Gracias a las constantes mejoras tecnológicas, que se estalle un parabrisas hoy día es bastante más benigno que hace unas cuantas décadas atrás: son mucho más resistentes y si el daño es pequeño, en vez de cambiar el vidrio, puede repararse, a menudo con excelentes resultados. Entonces, la cuestión es: ¿cambiar o reparar el parabrisas del auto cuando sufre un estadillo? Para resolver el dilema, primero necesitarás averiguar el costo de ambas opciones y si tu seguro de auto cubre este daño.

A menudo las aseguradoras de autos reintegrarán la reparación si cuentas con un seguro con cobertura contra choques (collision) y de otros daños o cobertura extensiva (Comprenhensive):

-Por la porción de choque de tu seguro de auto si chocas y es tu culpa.

-Por el seguro del auto culpable del choque.

-Por la cobertura extensiva del seguro de tu vehículo, si el daño es porque algo le cae encima al vidrio, como una piedra del camino o una rama

Pregunta si tendrás que pagar o no el deducible y de cuánto es este. En algunos estados, por ley, las aseguradoras no cobran el deducible por hacer la reparación o cambio de un parabrisas dañado accidentalmente. Pero es mejor si esto lo averiguas cuando estás comprando o renovando la póliza.

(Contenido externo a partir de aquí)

(* Fix a finite alphabet $\Sigma$ containing the space character and the dash character. Let $\Gamma_1,\ldots,\Gamma_m$ be finite sets of attribute constraints over a fixed namespace $s$ and attribute name $a$. Then there is a bound $N$, polynomial in the total size of $\Gamma_1,\ldots,\Gamma_m$, such that for every subsequence $\Gamma_{i_1},\ldots,\Gamma_{i_k}$ ($i_1<\cdots<i_k$): if there are pairwise distinct words $w_1,\ldots,w_k\in\Sigma^*$ such that each $w_j$ satisfies all constraints in $\Gamma_{i_j}$, then there are pairwise distinct words $w_1,\ldots,w_k\in\Sigma^*$ such that each $w_j$ satisfies all constraints in $\Gamma_{i_j}$ and $|w_j|\le N$ for all $j$.
   Context: An attribute constraint over $s$ and $a$ is either $[s|a\ op\ w]$ or its negation $:\!not([s|a\ op\ w])$, where $w\in\Sigma^*$ and $op\in\{=,\ \tilde{}=,\ |=,\ \hat{}=,\ \$=,\ *=\}$. A word $x\in\Sigma^*$ (the attribute value) satisfies $[s|a=w]$ iff $x=w$; $[s|a\ \tilde{}=w]$ iff $x$ is one of $w$, $w\,\text{␣}\,w'$, $w'\,\text{␣}\,w$, $w_1\,\text{␣}\,w\,\text{␣}\,w_2$ for some words $w',w_1,w_2$ (␣ the space character); $[s|a\ |=w]$ iff $x=w$ or $x=w-w'$ for some $w'$ ($-$ the dash character); $[s|a\ \hat{}=w]$ iff $w$ is a prefix of $x$; $[s|a\ \$=w]$ iff $w$ is a suffix of $x$; $[s|a\ *=w]$ iff $w$ is a factor of $x$. It satisfies $:\!not(c)$ iff it does not satisfy $c$. *)

From HB Require Import structures.
From mathcomp Require Import all_boot.
Set Implicit Arguments. Unset Strict Implicit. Unset Printing Implicit Defensive.

(* Operators of attribute constraints [s|a op w]:
   =, ~=, |=, ^=, $=, *=  *)
Inductive attr_op := OpEq | OpTilde | OpDash | OpPrefix | OpSuffix | OpFactor.
(* Let $\mathcal{T}=[0,T_{max}]$, $\mathcal{T}_d,\mathcal{T}_a\subseteq\mathcal{T}$ compact, $\mathcal{X}=[X_{min},X_{max}]$, and $m$ a probability measure on $\mathcal{X}\times\mathcal{T}_a$. For every $G\in\mathbb{R}^+$, the set $\mathcal{P}_{m,G}$ is a closed subset of the space $\mathcal{P}(\mathcal{T}_d\times\mathcal{X})$ of Borel probability measures on $\mathcal{T}_d\times\mathcal{X}$, equipped with the topology of weak convergence of measures.
   Context: $\lambda_2$ denotes Lebesgue measure on $\mathbb{R}^2$. $\mathcal{P}_{m,G}$ is the set of all $F\in\mathcal{P}(\mathcal{T}_d\times\mathcal{X})$ such that (i) $F(B)\le G\,\lambda_2(B)$ for every Borel set $B\subseteq\mathcal{T}_d\times\mathcal{X}$, and (ii) $F(\mathcal{T}_d\times B)=m(B\times\mathcal{T}_a)$ for every Borel set $B\subseteq\mathcal{X}$. *)

From HB Require Import structures.
From mathcomp Require Import all_boot all_order all_algebra.
From mathcomp Require Import all_classical all_reals all_analysis.
Set Implicit Arguments. Unset Strict Implicit. Unset Printing Implicit Defensive.
Import Order.TTheory GRing.Theory Num.Theory.
Import numFieldNormedType.Exports.
Local Open Scope classical_set_scope.
Local Open Scope ring_scope.

(* Points of R^2 are pairs (first coordinate, second coordinate); the product
   sigma-algebra on R * R is the Borel sigma-algebra of R^2. *)
Definition R2 (R : realType) := (measurableTypeR R * measurableTypeR R)%type.

Definition lambda2 (R : realType) : set (R2 R) -> \bar R :=
  ((@lebesgue_measure R) \x (@lebesgue_measure R))%E.

(* A Borel probability measure on a Borel set K of R^2 is represented by a
   probability measure on R^2 concentrated on K (F K = 1). *)
Definition prob_on (R : realType) (K : set (R2 R)) (F : probability (R2 R) R) :=
  F K = 1%E.

Definition PmG (R : realType) (Td Ta X : set R) (m : probability (R2 R) R)
    (G : R) (F : probability (R2 R) R) : Prop :=
  prob_on (Td `*` X) F /\
  (forall B : set (R2 R), measurable B -> B `<=` Td `*` X ->
     (F B <= G%:E * lambda2 B)%E) /\
  (forall B : set R, measurable B -> B `<=` X ->
     F (Td `*` B) = m (B `*` Ta)).

(* Weak topology on P(K) (K compact): the topology of weak convergence of
   measures, i.e. the coarsest topology making F |-> \int_K f dF continuous
   for every continuous f : K -> R.  Its basic open neighbourhoods of F are
   { F' | |\int_K f_i dF' - \int_K f_i dF| < eps, i < n }.
   [weak_closure K P F] says that every such basic neighbourhood of F meets P,
   i.e. F lies in the weak closure of P. *)
Definition weak_closure (R : realType) (K : set (R2 R))
    (P : probability (R2 R) R -> Prop) (F : probability (R2 R) R) : Prop :=
  forall (n : nat) (f : 'I_n -> R2 R -> R) (eps : R),
    (forall i, {within K, continuous (f i)}) -> 0 < eps ->
    exists F' : probability (R2 R) R,
      prob_on K F' /\ P F' /\
      forall i, (`| \int[F']_(x in K) (f i x)%:E - \int[F]_(x in K) (f i x)%:E |
                 < eps%:E)%E.
Lemma approx_sum_le b : 0 <= a -> a < b -> 0 < eps ->
  \sum_(p <- X) (p.2 - p.1) `^ b <=
    delta^-1 `^ b * eps `^ ((b - a) / 2) * (2 * m) /
      (1 - (1 - delta) `^ ((b - a) / 2)).
Proof.
move=> a0 ab eps0; have d1 := delta_lt1.
have m0 : 0 <= m.
  by rewrite -lee_fin; apply: le_trans pack_eps_le_m; exact: pack_eps_ge0.
set g := (b - a) / 2; set rho := (1 - delta) `^ g; set K := delta^-1 `^ b * eps `^ g.
have g0 : 0 < g by rewrite divr_gt0 // subr_gt0.
have rho01 : 0 <= rho < 1.
  have one_g : (1 : R) `^ g = 1 by rewrite powR1.
  rewrite powR_ge0 /rho -[X in _ < X]one_g.
  by apply: gt0_ltr_powR; rewrite ?nnegrE ?subr_ge0 ?ltW // gtrBl.
have K0 : 0 <= K by rewrite mulr_ge0 ?powR_ge0.
apply: (le_trans (y := \sum_(p <- X) rho ^+ rk p * (K * cyl_len q (w p).2 (rk p) `^ a))).
  rewrite big_seq [leRHS]big_seq; apply: ler_sum => p pX.
  have [_ dw /andP[dJ Jp] _] := w_approx pX.
  have [_ p12 peps _] := P_packing.1 p (X_sub_P pX).
  have p_gt0 : 0 < p.2 - p.1 by rewrite subr_gt0.
  apply: le_trans (powR_split_bound delta_gt0 (cyl_len_gt0 _ dw) dJ (le_trans Jp peps)
    (cyl_len_le _ dw) d1 a0 ab p_gt0) _.
  by rewrite -/g -/rho /K le_eqVlt; apply/orP; left; apply/eqP; ring.
apply: sum_geometric_le => //; first by apply: mulr_ge0 => //; apply: mulr_ge0.
by move=> k; rewrite -mulr_sumr ler_wpM2l ?rank_sum_le.
Qed.

End comparison.

Lemma pack_eps_setT_le F a b eps m :
  (forall x, F x -> 0 <= x <= 1 /\ ~ cyl_end x) -> 0 <= a -> a < b -> 0 < eps <= 1 ->
  (pack_eps (Qcyl_family q s) a eps F <= m%:E)%E ->
  (pack_eps setT b eps F <=
    (delta^-1 `^ b * eps `^ ((b - a) / 2) * (2 * m) /
      (1 - (1 - delta) `^ ((b - a) / 2)))%:E)%E.
Proof.
move=> F01 a0 ab /andP[eps0 eps1] le_m.
apply: ge_pack_eps => P X P_packing uX XP.
have /choice[w w_approx] : forall p, exists w, P p -> cyl_approx F p w.
  move=> p; have [Pp|] := pselect (P p); last by exists (0%N, fun=> 0%N).
  have [_ p12 peps [x [px Fx]]] := P_packing.1 p Pp.
  have [x01 xne] := F01 x Fx.
  have r01 : 0 < p.2 - p.1 <= 1 by rewrite subr_gt0 p12 (le_trans peps).
  have [n [c [n0 dc xc len_c]]] := exists_cyl_len x01 xne r01.
  by exists (n, c) => _; split => //; exists x.
exact: (approx_sum_le le_m P_packing uX XP (fun p pX => w_approx p (XP p pX))).
Qed.

Lemma pack_0_setT_eq0 F a b :
  (forall x, F x -> 0 <= x <= 1 /\ ~ cyl_end x) -> 0 <= a -> a < b ->
  (pack_0 (Qcyl_family q s) a F < +oo)%E -> pack_0 setT b F = 0%E.
Proof.
move=> F01 a0 ab /ereal_inf_lt[_ [eps0 eps00 <-] fin_eps0].
set eps1 := Num.min eps0 1.
have eps10 : 0 < eps1 by rewrite lt_min eps00 ltr01.
have eps1_le : eps1 <= eps0 by rewrite ge_min lexx.
have le_eps1 :=
  le_pack_eps a (@subset_refl _ (Qcyl_family q s)) eps1_le (@subset_refl _ F).
have fin_eps1 : pack_eps (Qcyl_family q s) a eps1 F \is a fin_num.
  by rewrite ge0_fin_numE ?pack_eps_ge0 // (le_lt_trans le_eps1 fin_eps0).
set m := fine (pack_eps (Qcyl_family q s) a eps1 F).
have g0 : 0 < (b - a) / 2 by rewrite divr_gt0 // subr_gt0.
apply: pack_0_eq0 => e e0.
have [eps [eps0' eps_le small]] := exists_small_powR (delta^-1 `^ b * (2 * m) /
   (1 - (1 - delta) `^ ((b - a) / 2))) g0 e0 eps10.
have eps01 : 0 < eps <= 1 by rewrite eps0' (le_trans eps_le) // ge_min lexx orbT.
have le_m : (pack_eps (Qcyl_family q s) a eps F <= m%:E)%E.
  by rewrite /m fineK //; apply: le_pack_eps.
exists eps => //; apply: le_trans (pack_eps_setT_le F01 a0 ab eps01 le_m) _.
by rewrite lee_fin (le_trans _ small) // le_eqVlt; apply/orP; left; apply/eqP; ring.
Qed.
(* Let $G$ be a grid-labelled graph of type $(3,3)$ all of whose edges are diagonal. Then $G$ satisfies the degree criterion if and only if $E(G)$ can be partitioned into edge sets of subgraphs $X_1,\dots,X_n$ each of which is locally isomorphic to a rotation of one of the building blocks $B_2,B_3,B_4,B_5$.
   Context: A grid-labelled graph of type $(a,b)$ is a simple graph whose vertex set is the grid $[a]\times[b]$. An edge $\{(i,j),(k,l)\}$ is diagonal if $i\neq k$ and $j\neq l$. The partial transpose $\Gamma(G)$ is the grid-labelled graph with edge set $\{\{(k,j),(i,l)\}:\{(i,j),(k,l)\}\in E(G)\}$; $G$ satisfies the degree criterion if every vertex has the same degree in $G$ and in $\Gamma(G)$. Two grid-labelled graphs $G,H$ of type $(a,b)$ are locally isomorphic if there are permutations $\pi$ of $[a]$ and $\sigma$ of $[b]$ with $\{(i,j),(k,l)\}\in E(G)\iff\{(\pi(i),\sigma(j)),(\pi(k),\sigma(l))\}\in E(H)$. A rotation of a type $(3,3)$ graph is its image under a power (including the identity) of the map $(i,j)\mapsto(j,4-i)$ on vertices. Building blocks (type $(3,3)$): $B_2$ with edges $\{(1,1),(2,2)\},\{(1,2),(2,1)\}$; $B_3$ with edges $\{(1,1),(2,2)\},\{(1,2),(2,3)\},\{(2,1),(1,3)\}$; $B_4$ with edges $\{(1,1),(2,3)\},\{(2,1),(3,3)\},\{(1,2),(3,1)\},\{(1,3),(3,2)\}$; $B_5$ with edges $\{(1,1),(3,3)\},\{(1,2),(2,1)\},\{(1,3),(2,2)\},\{(2,2),(3,1)\},\{(2,3),(3,2)\}$. *)

(* Vertices of the 3x3 grid are 'I_3 * 'I_3 (0-indexed:
   paper's (i,j) is our (i-1, j-1)). A grid-labelled graph is a set of
   edges, each edge a 2-element vertex set. *)
From HB Require Import structures.
From mathcomp Require Import all_boot all_order all_fingroup.
Set Implicit Arguments. Unset Strict Implicit. Unset Printing Implicit Defensive.

Definition V := ('I_3 * 'I_3)%type.
Definition graph := {set {set V}}.

Definition simple_graph (G : graph) : Prop := forall e, e \in G -> #|e| = 2.

Definition diag_pair (u v : V) : bool := (u.1 != v.1) && (u.2 != v.2).

Definition all_diagonal (G : graph) : Prop :=
  forall e, e \in G -> exists u v, e = [set u; v] /\ diag_pair u v.

(* partial transpose: {(i,j),(k,l)} |-> {(k,j),(i,l)} *)
Definition ptrans (G : graph) : graph :=
  [set [set (p.2.1, p.1.2); (p.1.1, p.2.2)]
    | p in [set p : V * V | [set p.1; p.2] \in G]].

Definition deg (G : graph) (u : V) : nat := #|[set v : V | [set u; v] \in G]|.

Definition degree_criterion (G : graph) : Prop :=
  forall u : V, deg G u = deg (ptrans G) u.

Definition loc_map (p s : {perm 'I_3}) (u : V) : V := (p u.1, s u.2).

Definition locally_iso (G H : graph) : Prop :=
  exists (p s : {perm 'I_3}), forall u v : V,
    ([set u; v] \in G) = ([set loc_map p s u; loc_map p s v] \in H).

Definition gmap (f : V -> V) (G : graph) : graph := [set (f @: e) | e : {set V} in G].

(* (i,j) |-> (j, 4-i) in 1-indexed coordinates, i.e. (i,j) |-> (j, 2-i) *)
Definition rot (u : V) : V := (u.2, rev_ord u.1).

Definition rotation (k : nat) (G : graph) : graph := gmap (iter k rot) G.

Definition vx (i j : nat) : V := (inord i, inord j).
Definition ed (i j k l : nat) : {set V} := [set vx i j; vx k l].

Definition B2 : graph := [set ed 0 0 1 1; ed 0 1 1 0].
Definition B3 : graph := [set ed 0 0 1 1; ed 0 1 1 2; ed 1 0 0 2].
Definition B4 : graph := [set ed 0 0 1 2; ed 1 0 2 2; ed 0 1 2 0; ed 0 2 2 1].
Definition B5 : graph :=
  [set ed 0 0 2 2; ed 0 1 1 0; ed 0 2 1 1; ed 1 1 2 0; ed 1 2 2 1].

Definition is_block (B : graph) : Prop :=
  B = B2 \/ B = B3 \/ B = B4 \/ B = B5.

Definition good_piece (X : graph) : Prop :=
  exists B k, is_block B /\ locally_iso X (rotation k B).

From Pilot Require Import Defs.
From mathcomp Require Import all_boot all_order all_fingroup.
Set Implicit Arguments. Unset Strict Implicit. Unset Printing Implicit Defensive.

(* For a diagonal graph the degree criterion says that, at every vertex u, the edges
   {u, v} of G and the edges Γ{u, v} of G are equally many.  This balance condition is
   additive over edge-disjoint unions, and it holds for every good piece: the four
   building blocks satisfy it by direct count, and local isomorphisms and rotations
   commute with the partial transpose, so it transfers along them.
   Conversely, a diagonal graph is a subset of the 18 diagonal edges of the grid, and the
   balance condition is a condition on its 18-bit edge mask.  Running over all 2^18 masks,
   a backtracking search splits every balanced mask into masks of good pieces (57 distinct
   ones), and the resulting certificates are checked by reflection. *)

Lemma set2_eqE (x y a b : V) : a != b ->
  ([set x; y] == [set a; b]) = ((x, y) == (a, b)) || ((x, y) == (b, a)).
Proof.
move=> nab; apply/idP/idP => [|/orP[]/eqP[-> ->]]; last 2 first.
- by [].
- by rewrite setUC.
rewrite eqEsubset !subUset !sub1set !inE => /andP[/andP[xab yab] /andP[axy bxy]].
case/orP: xab => /eqP xE; subst x.
- by case/orP: bxy => /eqP bE; [rewrite bE eqxx in nab | rewrite bE eqxx].
- by case/orP: axy => /eqP aE; [rewrite aE eqxx in nab | rewrite aE eqxx orbT].
Qed.

Lemma imset_set2 (f : V -> V) (a b : V) : f @: [set a; b] = [set f a; f b].
Proof. by rewrite imsetU1 imset_set1. Qed.

Lemma diag_pairC (u v : V) : diag_pair u v = diag_pair v u.
Proof. by rewrite /diag_pair eq_sym (eq_sym u.2). Qed.

Lemma diag_pair_neq (u v : V) : diag_pair u v -> u != v.
Proof. by case/andP=> + _; apply: contraNneq => ->. Qed.

Lemma mem_all_diagonal (G : graph) (u v : V) :
  all_diagonal G -> [set u; v] \in G -> diag_pair u v.
Proof.
move=> diagG /diagG [a [b [/eqP uvE abD]]]; move: uvE.
by rewrite set2_eqE ?diag_pair_neq // => /orP[]/eqP[-> ->]; rewrite // diag_pairC.
Qed.

Definition ptrans_edge (u v : V) : {set V} := [set (v.1, u.2); (u.1, v.2)].

Lemma mem_ptrans (G : graph) (u v : V) :
  all_diagonal G -> ([set u; v] \in ptrans G) = (ptrans_edge u v \in G).
Proof.
move=> diagG; apply/imsetP/idP => [[[a b]]|uvG]; last first.
  by exists ((v.1, u.2), (u.1, v.2)); rewrite ?inE //= -!surjective_pairing.
rewrite inE /= => abG /eqP; have abD := mem_all_diagonal diagG abG.
have neq : (b.1, a.2) != (a.1, b.2) by case/andP: abD => + _; apply: contraNneq => -[->].
rewrite set2_eqE // => /orP[]/eqP[-> ->]; rewrite /ptrans_edge /= -!surjective_pairing //.
by rewrite setUC.
Qed.

(** * The degree criterion as a balance condition *)

Definition degree_balanced (H : graph) : Prop := forall u : V,
  \sum_(v : V) ([set u; v] \in H : nat) = \sum_(v : V) (ptrans_edge u v \in H : nat).

Lemma card_set_sum (P : pred V) : #|[set v | P v]| = \sum_(v : V) (P v : nat).
Proof. by rewrite -sum1dep_card big_mkcond; apply: eq_bigr => v _; case: (P v). Qed.
(* Fix $\lambda>0$ and let $P_n = e^{-\lambda}\lambda^n/n!$. Let $\mathbb P$ be the set of compactly supported Borel probability measures on $\mathbb R$, equipped with the topology in which $\rho_n\to\rho$ iff $\int\phi\,d\rho_n\to\int\phi\,d\rho$ for every continuous compactly supported $\phi\colon\mathbb R\to\mathbb R$. For $k\geqslant 1$ let $h_k\colon\mathbb R\to\mathbb R$, $y\mapsto y/k$, and let $(h_k)_\star$ denote pushforward of measures. For $x\in\mathbb R$ define $\Sigma_x,\Sigma\colon\mathbb P\to\mathbb P$ by $$\Sigma_x(\rho) = \sum_{n=0}^\infty P_n\,(h_{n+1})_\star\big(\delta_x * \rho^{*n}\big),\qquad \Sigma(\rho) = \sum_{n=0}^\infty P_n\,(h_{n+1})_\star\big(\rho^{*(n+1)}\big),$$ where $*$ is convolution of measures, $\rho^{*n}$ the $n$-th convolution power and $\rho^{*0}=\delta_0$. Then for every $x\in\mathbb R$ the operators $\Sigma_x$ and $\Sigma$ are continuous on $\mathbb P$.
   Context: $\delta_a$ is the Dirac measure at $a$; the series define measures via $\int\phi\,d\Sigma_x(\rho) = \sum_n P_n\int \phi(y/(n+1))\,d(\delta_x*\rho^{*n})(y)$, and similarly for $\Sigma$. *)

From HB Require Import structures.
From mathcomp Require Import all_boot all_order all_algebra.
From mathcomp Require Import all_classical all_reals all_analysis.
Set Implicit Arguments. Unset Strict Implicit. Unset Printing Implicit Defensive.
Import Order.TTheory GRing.Theory Num.Theory.
Import numFieldNormedType.Exports.
Local Open Scope classical_set_scope.
Local Open Scope ring_scope.

Section defs.
Variable R : realType.
Local Open Scope ereal_scope.

Definition poissonP (lam : R) (n : nat) : R :=
  (expR (- lam) * lam ^+ n / (n`!)%:R)%R.

Definition hdiv (k : nat) (y : R) : R := (y / k%:R)%R.

Definition mconv (m1 m2 : set R -> \bar R) : set R -> \bar R :=
  pushforward (m1 \x m2) (fun p : R * R => (p.1 + p.2)%R).

Fixpoint convpow (rho : set R -> \bar R) (n : nat) : set R -> \bar R :=
  match n with
  | 0%N => @dirac _ R 0%R R
  | n'.+1 => mconv (convpow rho n') rho
  end.

Definition SigmaX (lam x : R) (rho : set R -> \bar R) : set R -> \bar R :=
  fun A => \sum_(0 <= n <oo)
    ((poissonP lam n)%:E * pushforward (mconv (@dirac _ R x R) (convpow rho n)) (hdiv n.+1) A).

Definition Sigma (lam : R) (rho : set R -> \bar R) : set R -> \bar R :=
  fun A => \sum_(0 <= n <oo)
    ((poissonP lam n)%:E * pushforward (convpow rho n.+1) (hdiv n.+1) A).

Definition compactly_supported (mu : set R -> \bar R) : Prop :=
  exists M : R, mu (~` `[(- M)%R, M]) = 0.

Definition test_fun (phi : R -> R) : Prop :=
  continuous phi /\ exists M : R, forall y, (M < `|y|)%R -> phi y = 0%R.

Definition vague_cvg (mu_ : nat -> set R -> \bar R) (mu : set R -> \bar R) : Prop :=
  forall phi, test_fun phi ->
    (fun k => \int[mu_ k]_y (phi y)%:E) @ \oo --> \int[mu]_y (phi y)%:E.

Definition inP (mu : probability R R) : Prop := compactly_supported mu.

(* continuity of an operator F on P (sequential, via the defining convergence) *)
Definition continuous_on_P (F : (set R -> \bar R) -> (set R -> \bar R)) : Prop :=
  forall (rho_ : nat -> probability R R) (rho : probability R R),
    (forall k, inP (rho_ k)) -> inP rho ->
    vague_cvg (fun k => rho_ k : set R -> \bar R) rho ->
    vague_cvg (fun k => F (rho_ k)) (F rho).

End defs.

From HB Require Import structures.
From mathcomp Require Import all_boot all_order all_algebra.
From mathcomp Require Import all_classical all_reals all_analysis.
From mathcomp Require Import measurable_realfun.
From mathcomp Require Import ring lra.
Import Order.TTheory GRing.Theory Num.Theory.
Import numFieldNormedType.Exports.
Set Implicit Arguments. Unset Strict Implicit. Unset Printing Implicit Defensive.
Local Open Scope classical_set_scope.
Local Open Scope ring_scope.

(* Both operators are Poisson mixtures sum_n P_n nu_n(rho) of probability measures,
   nu_n(rho) = (h_{n+1})_* (delta_x * rho^{*n}) resp. (h_{n+1})_* rho^{*(n+1)}.
   On R, vague convergence of probability measures implies weak convergence, since
   the limit is a probability measure and hence tight. Weak convergence is preserved
   by convolution and by pushforward along the uniformly continuous maps h_k, so each
   nu_n(rho_k) converges weakly to nu_n(rho); as the weights are summable and the
   integrals of a test function are bounded, Tannery's theorem passes the limit
   through the series. *)

Lemma unif_continuous_comp (U V W : uniformType) (f : U -> V) (g : V -> W) :
  unif_continuous f -> unif_continuous g -> unif_continuous (g \o f).
Proof. by move=> uf ug; apply: cvg_comp uf ug. Qed.

Section unif_continuous_real.
Context {R : realType}.
Implicit Types f : R -> R.

Lemma unif_continuousPR f : unif_continuous f <->
  forall e, 0 < e -> exists2 d, 0 < d & forall x y, `|x - y| < d -> `|f x - f y| < e.
Proof.
rewrite unif_continuousP; split=> uf e /uf[d d0 fd]; exists d => //.
  by move=> x y xy; have := fd (x, y); rewrite /ball /=; apply.
by case=> x y; rewrite /ball /=; exact: fd.
Qed.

Así no tengas que pagar el deducible -o este es menor que los costos totales- decide si te conviene presentar el reclamo. Un reclamo pudiera aumentar el costo de futuras primas: a veces no importa el monto de éste, mientras que otras aseguradoras aplican aumentos si los reclamos pasan de un monto dado.

Si el daño es pequeño, como una moneda de 25 centavos, es muy posible reparar un parabrisas sin dejar rastro; daños mayores suelen ameritar cambiarlo completo.

Pero además del costo, considera la calidad del trabajo que vayan a hacer. Un parabrisas mal sellado puede tener peores consecuencias que uno estriado: dejar filtrar agua dentro del auto o desprenderse si está mal colocado. Pide recomendaciones de personal calificado o empresas legítimas para este servicio al mecánico o al seguro mismo.

Rechaza proveedores que "aparezcan" sin ser llamados: pudieran ser estafadores que aprovechan que muchos seguros pagan por estas reparaciones y tratar de sobrefacturar servicios o inflar costos.

Evita dar información del seguro directamente a los proveedores. Mejor averigua el procedimiento a seguir y prefiere pagar tú al proveedor y presentar las facturas para su reintegro. Podrás controlar mejor el costo a pagar y evitar que alguien haga reclamos a tu seguro de los que tú no te enteres.

Recuerda que inflar los reclamos es un fraude de seguros y pudieras terminar siendo tú la responsable de las malas acciones de otros.